● **DATA PROVIDED**:

★ ★ ★

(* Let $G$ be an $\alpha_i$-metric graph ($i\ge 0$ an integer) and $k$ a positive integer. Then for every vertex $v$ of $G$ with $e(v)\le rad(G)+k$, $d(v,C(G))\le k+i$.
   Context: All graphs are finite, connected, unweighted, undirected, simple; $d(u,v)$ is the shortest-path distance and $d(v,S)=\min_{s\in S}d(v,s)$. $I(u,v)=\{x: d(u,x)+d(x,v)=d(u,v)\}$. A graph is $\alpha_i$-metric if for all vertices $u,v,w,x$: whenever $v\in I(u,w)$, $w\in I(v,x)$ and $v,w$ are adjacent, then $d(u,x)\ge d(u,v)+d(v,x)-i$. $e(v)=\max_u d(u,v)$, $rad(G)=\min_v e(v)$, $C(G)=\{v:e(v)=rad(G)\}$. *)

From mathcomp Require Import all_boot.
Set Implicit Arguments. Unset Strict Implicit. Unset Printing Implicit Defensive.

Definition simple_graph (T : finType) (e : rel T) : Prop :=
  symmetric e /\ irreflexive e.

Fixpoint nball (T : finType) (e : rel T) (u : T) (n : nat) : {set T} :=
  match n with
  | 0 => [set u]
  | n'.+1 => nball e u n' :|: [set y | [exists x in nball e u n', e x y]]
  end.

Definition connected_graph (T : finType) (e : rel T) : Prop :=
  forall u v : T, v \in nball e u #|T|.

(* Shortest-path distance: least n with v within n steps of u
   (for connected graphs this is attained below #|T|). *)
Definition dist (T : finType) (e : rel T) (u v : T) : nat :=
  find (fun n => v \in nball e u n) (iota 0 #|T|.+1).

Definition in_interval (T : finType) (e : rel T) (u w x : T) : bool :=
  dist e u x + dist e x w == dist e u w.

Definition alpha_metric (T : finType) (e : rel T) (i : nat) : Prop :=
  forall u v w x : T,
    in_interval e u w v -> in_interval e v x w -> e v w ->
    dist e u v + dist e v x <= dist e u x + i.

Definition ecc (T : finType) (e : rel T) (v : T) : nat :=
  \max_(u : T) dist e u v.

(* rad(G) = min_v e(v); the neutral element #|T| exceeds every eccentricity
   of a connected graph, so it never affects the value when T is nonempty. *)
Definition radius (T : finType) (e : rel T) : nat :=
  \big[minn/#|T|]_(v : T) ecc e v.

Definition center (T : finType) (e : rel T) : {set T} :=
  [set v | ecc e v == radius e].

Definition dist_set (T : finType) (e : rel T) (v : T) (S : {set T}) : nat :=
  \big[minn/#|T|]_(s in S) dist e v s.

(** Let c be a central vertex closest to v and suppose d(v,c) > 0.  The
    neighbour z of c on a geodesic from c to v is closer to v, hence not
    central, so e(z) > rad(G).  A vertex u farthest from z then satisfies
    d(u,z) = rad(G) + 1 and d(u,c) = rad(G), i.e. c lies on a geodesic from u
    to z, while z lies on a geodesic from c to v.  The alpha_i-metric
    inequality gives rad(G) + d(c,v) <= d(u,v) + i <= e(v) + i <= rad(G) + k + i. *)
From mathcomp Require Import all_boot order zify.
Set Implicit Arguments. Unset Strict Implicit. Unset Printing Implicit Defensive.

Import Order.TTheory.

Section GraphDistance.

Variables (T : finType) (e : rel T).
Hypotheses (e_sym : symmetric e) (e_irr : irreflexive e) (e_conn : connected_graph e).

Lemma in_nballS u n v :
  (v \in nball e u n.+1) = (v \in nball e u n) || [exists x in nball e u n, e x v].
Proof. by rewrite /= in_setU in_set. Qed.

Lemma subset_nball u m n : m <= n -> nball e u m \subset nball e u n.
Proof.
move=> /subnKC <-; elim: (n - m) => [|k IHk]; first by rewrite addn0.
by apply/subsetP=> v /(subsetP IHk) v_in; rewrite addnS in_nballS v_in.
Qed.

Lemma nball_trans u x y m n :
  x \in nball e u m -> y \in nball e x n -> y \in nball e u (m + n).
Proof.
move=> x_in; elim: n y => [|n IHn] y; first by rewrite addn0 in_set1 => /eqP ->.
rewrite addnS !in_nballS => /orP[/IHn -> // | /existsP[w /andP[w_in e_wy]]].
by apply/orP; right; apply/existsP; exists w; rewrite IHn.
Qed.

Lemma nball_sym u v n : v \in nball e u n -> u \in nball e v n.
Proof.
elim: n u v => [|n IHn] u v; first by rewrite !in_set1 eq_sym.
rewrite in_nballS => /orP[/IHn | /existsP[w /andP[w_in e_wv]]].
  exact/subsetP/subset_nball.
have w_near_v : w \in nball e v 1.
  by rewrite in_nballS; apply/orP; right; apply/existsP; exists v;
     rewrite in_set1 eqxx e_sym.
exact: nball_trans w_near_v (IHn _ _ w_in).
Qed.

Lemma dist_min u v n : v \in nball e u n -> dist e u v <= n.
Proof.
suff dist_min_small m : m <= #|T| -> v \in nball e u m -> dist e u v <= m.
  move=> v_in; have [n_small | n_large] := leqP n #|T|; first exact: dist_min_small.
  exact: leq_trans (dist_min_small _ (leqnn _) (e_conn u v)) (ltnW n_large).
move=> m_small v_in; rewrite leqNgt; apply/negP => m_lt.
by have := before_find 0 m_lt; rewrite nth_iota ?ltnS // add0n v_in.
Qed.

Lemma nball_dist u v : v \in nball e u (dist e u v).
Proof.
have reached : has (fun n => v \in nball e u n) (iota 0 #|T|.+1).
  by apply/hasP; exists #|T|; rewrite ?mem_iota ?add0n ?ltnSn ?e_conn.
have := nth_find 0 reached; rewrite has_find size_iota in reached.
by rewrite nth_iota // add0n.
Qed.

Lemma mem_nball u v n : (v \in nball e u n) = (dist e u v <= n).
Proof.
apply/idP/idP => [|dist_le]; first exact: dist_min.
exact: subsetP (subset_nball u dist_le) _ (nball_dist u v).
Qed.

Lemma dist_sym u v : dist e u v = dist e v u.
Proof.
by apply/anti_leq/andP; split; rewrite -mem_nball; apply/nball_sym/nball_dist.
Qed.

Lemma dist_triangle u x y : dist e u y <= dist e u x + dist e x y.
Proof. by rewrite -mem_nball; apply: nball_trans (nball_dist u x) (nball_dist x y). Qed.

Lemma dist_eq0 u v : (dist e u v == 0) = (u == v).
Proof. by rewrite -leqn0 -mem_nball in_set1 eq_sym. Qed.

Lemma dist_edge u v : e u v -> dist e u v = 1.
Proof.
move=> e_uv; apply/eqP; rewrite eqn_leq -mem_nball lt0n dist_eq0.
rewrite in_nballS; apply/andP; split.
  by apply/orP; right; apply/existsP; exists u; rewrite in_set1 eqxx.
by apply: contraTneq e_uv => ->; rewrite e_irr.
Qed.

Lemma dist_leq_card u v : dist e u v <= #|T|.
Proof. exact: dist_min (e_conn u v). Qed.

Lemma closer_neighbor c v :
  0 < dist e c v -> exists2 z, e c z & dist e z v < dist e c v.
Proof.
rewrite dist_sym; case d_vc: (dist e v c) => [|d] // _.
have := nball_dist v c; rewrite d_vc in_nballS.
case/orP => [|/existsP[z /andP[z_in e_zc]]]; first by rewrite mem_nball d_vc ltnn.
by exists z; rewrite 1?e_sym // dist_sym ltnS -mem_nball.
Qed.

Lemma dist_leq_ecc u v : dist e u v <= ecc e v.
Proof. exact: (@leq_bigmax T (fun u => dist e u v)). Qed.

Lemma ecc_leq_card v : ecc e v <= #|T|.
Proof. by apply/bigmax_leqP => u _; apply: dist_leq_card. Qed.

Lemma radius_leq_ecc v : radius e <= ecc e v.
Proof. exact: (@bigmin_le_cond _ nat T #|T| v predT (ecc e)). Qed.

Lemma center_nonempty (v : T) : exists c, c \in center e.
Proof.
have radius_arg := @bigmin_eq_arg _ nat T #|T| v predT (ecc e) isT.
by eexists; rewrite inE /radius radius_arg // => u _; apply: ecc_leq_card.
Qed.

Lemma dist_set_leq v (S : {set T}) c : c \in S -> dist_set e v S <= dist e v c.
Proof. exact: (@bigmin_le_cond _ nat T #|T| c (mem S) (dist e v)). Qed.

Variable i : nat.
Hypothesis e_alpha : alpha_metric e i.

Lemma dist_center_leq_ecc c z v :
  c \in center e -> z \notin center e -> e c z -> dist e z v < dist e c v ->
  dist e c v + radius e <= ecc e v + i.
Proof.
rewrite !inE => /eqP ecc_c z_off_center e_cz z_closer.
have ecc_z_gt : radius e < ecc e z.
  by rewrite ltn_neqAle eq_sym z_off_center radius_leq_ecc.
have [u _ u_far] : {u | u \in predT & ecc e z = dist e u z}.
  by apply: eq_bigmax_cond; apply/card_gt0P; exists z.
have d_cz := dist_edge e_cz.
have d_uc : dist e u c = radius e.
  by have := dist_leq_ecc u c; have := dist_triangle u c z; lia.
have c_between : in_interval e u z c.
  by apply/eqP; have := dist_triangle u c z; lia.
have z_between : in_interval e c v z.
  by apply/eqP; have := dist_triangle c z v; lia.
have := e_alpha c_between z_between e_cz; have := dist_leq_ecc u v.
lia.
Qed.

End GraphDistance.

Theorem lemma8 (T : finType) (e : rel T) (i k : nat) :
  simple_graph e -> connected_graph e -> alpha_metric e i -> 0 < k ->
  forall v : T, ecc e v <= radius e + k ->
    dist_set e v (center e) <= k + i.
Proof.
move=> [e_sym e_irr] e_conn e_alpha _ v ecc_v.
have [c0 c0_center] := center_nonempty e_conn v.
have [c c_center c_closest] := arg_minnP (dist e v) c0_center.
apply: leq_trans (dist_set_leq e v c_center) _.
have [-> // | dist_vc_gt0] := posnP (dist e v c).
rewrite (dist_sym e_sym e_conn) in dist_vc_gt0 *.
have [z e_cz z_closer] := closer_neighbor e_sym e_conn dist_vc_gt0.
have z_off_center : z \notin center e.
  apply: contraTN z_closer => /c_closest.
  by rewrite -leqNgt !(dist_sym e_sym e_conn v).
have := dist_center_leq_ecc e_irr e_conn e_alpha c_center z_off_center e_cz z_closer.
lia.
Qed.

★ ★ ★

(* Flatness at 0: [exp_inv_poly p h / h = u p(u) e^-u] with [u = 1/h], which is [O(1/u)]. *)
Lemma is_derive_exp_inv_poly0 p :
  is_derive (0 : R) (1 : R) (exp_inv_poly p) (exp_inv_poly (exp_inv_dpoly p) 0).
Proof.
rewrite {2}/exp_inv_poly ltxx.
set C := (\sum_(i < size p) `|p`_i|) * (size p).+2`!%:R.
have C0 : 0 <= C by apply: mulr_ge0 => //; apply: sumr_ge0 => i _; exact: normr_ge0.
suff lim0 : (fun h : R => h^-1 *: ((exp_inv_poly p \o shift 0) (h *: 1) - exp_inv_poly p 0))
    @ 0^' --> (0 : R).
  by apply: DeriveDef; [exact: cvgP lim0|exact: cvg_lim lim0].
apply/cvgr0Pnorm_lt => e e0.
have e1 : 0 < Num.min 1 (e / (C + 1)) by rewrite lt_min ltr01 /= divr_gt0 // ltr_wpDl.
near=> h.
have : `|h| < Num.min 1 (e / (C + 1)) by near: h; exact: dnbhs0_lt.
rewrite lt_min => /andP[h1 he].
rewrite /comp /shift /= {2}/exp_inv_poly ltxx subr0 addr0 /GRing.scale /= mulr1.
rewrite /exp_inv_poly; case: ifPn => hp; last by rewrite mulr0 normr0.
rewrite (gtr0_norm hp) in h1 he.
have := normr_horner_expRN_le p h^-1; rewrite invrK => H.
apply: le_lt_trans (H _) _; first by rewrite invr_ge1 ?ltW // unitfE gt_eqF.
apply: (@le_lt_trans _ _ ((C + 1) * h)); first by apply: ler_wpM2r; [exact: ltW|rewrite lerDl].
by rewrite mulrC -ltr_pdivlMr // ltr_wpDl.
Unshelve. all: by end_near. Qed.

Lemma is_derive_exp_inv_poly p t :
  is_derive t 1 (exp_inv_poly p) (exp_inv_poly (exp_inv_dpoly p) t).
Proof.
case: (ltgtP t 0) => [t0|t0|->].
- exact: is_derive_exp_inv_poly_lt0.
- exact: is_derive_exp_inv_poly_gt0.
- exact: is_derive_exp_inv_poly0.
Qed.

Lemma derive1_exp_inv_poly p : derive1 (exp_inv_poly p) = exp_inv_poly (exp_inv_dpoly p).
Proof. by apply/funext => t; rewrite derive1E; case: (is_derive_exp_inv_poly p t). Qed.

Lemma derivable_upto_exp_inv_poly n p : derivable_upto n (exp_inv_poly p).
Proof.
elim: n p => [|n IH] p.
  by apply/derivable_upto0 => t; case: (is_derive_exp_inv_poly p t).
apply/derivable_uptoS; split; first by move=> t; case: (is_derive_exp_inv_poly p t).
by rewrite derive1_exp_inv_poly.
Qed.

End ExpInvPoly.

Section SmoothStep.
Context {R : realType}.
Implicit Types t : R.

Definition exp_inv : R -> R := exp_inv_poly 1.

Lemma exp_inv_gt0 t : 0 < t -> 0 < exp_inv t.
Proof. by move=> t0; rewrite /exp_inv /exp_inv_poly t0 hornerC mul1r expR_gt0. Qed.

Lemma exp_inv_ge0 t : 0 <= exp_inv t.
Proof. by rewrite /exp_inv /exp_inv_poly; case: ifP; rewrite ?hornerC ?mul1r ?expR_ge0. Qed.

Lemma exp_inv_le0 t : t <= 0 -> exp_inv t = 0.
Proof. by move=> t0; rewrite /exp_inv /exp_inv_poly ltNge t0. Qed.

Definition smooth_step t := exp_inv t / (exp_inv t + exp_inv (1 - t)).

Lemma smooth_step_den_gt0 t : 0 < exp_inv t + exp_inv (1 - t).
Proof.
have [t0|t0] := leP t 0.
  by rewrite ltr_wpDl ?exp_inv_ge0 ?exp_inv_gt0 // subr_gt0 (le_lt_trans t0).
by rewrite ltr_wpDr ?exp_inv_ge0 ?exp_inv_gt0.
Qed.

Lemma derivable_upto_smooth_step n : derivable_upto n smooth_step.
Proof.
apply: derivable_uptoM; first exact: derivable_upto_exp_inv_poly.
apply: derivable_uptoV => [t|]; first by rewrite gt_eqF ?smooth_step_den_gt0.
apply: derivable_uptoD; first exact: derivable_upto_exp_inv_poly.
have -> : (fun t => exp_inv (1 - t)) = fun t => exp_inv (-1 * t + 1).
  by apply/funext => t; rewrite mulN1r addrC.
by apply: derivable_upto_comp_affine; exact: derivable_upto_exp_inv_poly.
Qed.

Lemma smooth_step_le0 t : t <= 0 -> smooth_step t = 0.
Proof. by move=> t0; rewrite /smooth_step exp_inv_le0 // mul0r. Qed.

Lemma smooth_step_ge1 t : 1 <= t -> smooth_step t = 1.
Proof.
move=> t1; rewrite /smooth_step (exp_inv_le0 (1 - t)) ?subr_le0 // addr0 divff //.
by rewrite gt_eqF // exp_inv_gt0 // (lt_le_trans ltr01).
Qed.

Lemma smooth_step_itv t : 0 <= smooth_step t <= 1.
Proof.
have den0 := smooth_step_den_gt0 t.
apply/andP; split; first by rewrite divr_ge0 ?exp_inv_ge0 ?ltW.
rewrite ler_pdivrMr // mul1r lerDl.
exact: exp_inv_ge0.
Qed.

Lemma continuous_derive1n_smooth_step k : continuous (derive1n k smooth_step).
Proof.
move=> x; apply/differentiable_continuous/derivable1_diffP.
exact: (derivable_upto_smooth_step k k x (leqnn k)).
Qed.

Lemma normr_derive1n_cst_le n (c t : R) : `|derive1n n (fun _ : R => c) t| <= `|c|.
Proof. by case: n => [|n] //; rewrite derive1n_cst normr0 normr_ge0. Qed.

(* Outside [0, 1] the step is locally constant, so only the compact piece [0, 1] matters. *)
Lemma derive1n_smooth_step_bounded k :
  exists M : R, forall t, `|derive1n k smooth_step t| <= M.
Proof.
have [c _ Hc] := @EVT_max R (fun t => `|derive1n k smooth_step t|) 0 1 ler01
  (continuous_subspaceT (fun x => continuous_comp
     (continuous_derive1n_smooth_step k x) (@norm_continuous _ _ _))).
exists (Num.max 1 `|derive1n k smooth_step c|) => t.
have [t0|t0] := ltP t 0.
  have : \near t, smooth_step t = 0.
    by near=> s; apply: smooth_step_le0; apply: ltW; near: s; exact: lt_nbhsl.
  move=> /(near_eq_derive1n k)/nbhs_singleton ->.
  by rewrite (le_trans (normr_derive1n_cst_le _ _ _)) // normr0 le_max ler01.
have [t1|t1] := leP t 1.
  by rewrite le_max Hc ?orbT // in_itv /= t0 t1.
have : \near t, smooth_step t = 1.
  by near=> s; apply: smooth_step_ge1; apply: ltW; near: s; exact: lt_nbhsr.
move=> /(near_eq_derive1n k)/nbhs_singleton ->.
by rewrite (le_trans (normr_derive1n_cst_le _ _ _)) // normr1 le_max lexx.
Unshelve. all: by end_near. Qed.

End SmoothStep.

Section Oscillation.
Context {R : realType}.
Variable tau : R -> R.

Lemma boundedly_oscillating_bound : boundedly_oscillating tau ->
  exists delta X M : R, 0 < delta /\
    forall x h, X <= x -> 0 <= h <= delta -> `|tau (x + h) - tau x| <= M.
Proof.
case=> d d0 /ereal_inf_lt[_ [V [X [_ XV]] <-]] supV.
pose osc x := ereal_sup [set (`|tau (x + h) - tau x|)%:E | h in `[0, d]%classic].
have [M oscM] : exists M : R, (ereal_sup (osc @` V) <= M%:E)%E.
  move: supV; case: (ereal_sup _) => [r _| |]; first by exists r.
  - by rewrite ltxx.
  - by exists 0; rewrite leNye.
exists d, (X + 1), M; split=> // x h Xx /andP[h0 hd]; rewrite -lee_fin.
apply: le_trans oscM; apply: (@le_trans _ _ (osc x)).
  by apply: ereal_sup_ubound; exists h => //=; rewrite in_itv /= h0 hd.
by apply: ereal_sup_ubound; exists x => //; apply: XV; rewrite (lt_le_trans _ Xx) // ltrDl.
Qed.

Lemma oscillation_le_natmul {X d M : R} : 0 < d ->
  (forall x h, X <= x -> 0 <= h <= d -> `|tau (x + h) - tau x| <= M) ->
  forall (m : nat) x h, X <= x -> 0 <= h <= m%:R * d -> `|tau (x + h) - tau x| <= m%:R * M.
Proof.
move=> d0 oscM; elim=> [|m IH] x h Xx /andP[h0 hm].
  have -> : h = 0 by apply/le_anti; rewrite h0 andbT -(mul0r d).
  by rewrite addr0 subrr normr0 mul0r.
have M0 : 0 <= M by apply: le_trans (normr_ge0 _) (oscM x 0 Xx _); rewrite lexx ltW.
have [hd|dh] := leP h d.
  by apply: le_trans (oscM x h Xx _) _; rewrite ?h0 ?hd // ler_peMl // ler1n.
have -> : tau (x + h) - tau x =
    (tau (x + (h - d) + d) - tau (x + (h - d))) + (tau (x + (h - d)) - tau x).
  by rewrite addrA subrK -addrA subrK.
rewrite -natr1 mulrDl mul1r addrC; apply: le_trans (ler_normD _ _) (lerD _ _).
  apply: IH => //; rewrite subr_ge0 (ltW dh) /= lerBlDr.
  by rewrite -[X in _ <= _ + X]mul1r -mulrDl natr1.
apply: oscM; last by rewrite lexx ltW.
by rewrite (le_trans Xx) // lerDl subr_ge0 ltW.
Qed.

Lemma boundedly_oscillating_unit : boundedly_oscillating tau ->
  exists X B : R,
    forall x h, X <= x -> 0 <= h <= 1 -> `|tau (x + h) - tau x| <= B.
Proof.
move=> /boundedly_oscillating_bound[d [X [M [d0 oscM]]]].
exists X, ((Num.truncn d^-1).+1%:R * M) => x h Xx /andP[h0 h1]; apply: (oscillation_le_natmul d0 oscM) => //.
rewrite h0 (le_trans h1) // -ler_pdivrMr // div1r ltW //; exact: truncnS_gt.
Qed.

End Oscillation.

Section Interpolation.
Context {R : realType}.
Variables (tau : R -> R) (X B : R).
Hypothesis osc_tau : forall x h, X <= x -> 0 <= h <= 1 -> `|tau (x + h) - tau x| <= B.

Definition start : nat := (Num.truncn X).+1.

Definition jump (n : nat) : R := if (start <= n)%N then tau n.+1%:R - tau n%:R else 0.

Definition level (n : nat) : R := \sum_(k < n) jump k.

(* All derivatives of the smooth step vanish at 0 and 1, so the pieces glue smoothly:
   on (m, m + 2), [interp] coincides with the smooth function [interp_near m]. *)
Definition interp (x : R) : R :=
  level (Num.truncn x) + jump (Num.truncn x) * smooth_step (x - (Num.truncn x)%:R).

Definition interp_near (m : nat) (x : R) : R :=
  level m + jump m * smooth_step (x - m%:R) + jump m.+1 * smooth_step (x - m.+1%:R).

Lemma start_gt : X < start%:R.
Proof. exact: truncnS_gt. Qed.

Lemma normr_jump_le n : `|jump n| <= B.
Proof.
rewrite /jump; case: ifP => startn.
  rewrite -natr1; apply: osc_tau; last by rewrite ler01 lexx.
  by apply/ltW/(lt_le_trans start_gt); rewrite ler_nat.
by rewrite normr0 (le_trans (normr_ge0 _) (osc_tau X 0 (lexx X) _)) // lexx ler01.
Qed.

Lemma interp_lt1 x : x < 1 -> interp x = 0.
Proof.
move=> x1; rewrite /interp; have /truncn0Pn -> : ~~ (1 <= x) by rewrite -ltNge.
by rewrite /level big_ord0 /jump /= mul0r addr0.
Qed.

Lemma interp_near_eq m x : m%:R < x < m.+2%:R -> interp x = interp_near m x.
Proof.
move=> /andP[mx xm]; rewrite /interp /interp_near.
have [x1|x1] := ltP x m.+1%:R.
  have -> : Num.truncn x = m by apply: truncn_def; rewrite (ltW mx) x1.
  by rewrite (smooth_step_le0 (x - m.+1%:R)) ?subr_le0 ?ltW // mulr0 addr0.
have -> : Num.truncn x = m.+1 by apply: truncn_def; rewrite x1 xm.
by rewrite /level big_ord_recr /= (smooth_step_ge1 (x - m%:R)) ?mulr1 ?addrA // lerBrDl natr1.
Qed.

★ ★ ★

● **TRY IT**: Working from the material above, restate word for word the lines between the line with "(* Let $G$ be" and the line with "Definition dist (T", both included, and only those.

● **COMPLETED EXERCISE**:
(* Let $G$ be an $\alpha_i$-metric graph ($i\ge 0$ an integer) and $k$ a positive integer. Then for every vertex $v$ of $G$ with $e(v)\le rad(G)+k$, $d(v,C(G))\le k+i$.
   Context: All graphs are finite, connected, unweighted, undirected, simple; $d(u,v)$ is the shortest-path distance and $d(v,S)=\min_{s\in S}d(v,s)$. $I(u,v)=\{x: d(u,x)+d(x,v)=d(u,v)\}$. A graph is $\alpha_i$-metric if for all vertices $u,v,w,x$: whenever $v\in I(u,w)$, $w\in I(v,x)$ and $v,w$ are adjacent, then $d(u,x)\ge d(u,v)+d(v,x)-i$. $e(v)=\max_u d(u,v)$, $rad(G)=\min_v e(v)$, $C(G)=\{v:e(v)=rad(G)\}$. *)

From mathcomp Require Import all_boot.
Set Implicit Arguments. Unset Strict Implicit. Unset Printing Implicit Defensive.

Definition simple_graph (T : finType) (e : rel T) : Prop :=
  symmetric e /\ irreflexive e.

Fixpoint nball (T : finType) (e : rel T) (u : T) (n : nat) : {set T} :=
  match n with
  | 0 => [set u]
  | n'.+1 => nball e u n' :|: [set y | [exists x in nball e u n', e x y]]
  end.

Definition connected_graph (T : finType) (e : rel T) : Prop :=
  forall u v : T, v \in nball e u #|T|.

(* Shortest-path distance: least n with v within n steps of u
   (for connected graphs this is attained below #|T|). *)
Definition dist (T : finType) (e : rel T) (u v : T) : nat :=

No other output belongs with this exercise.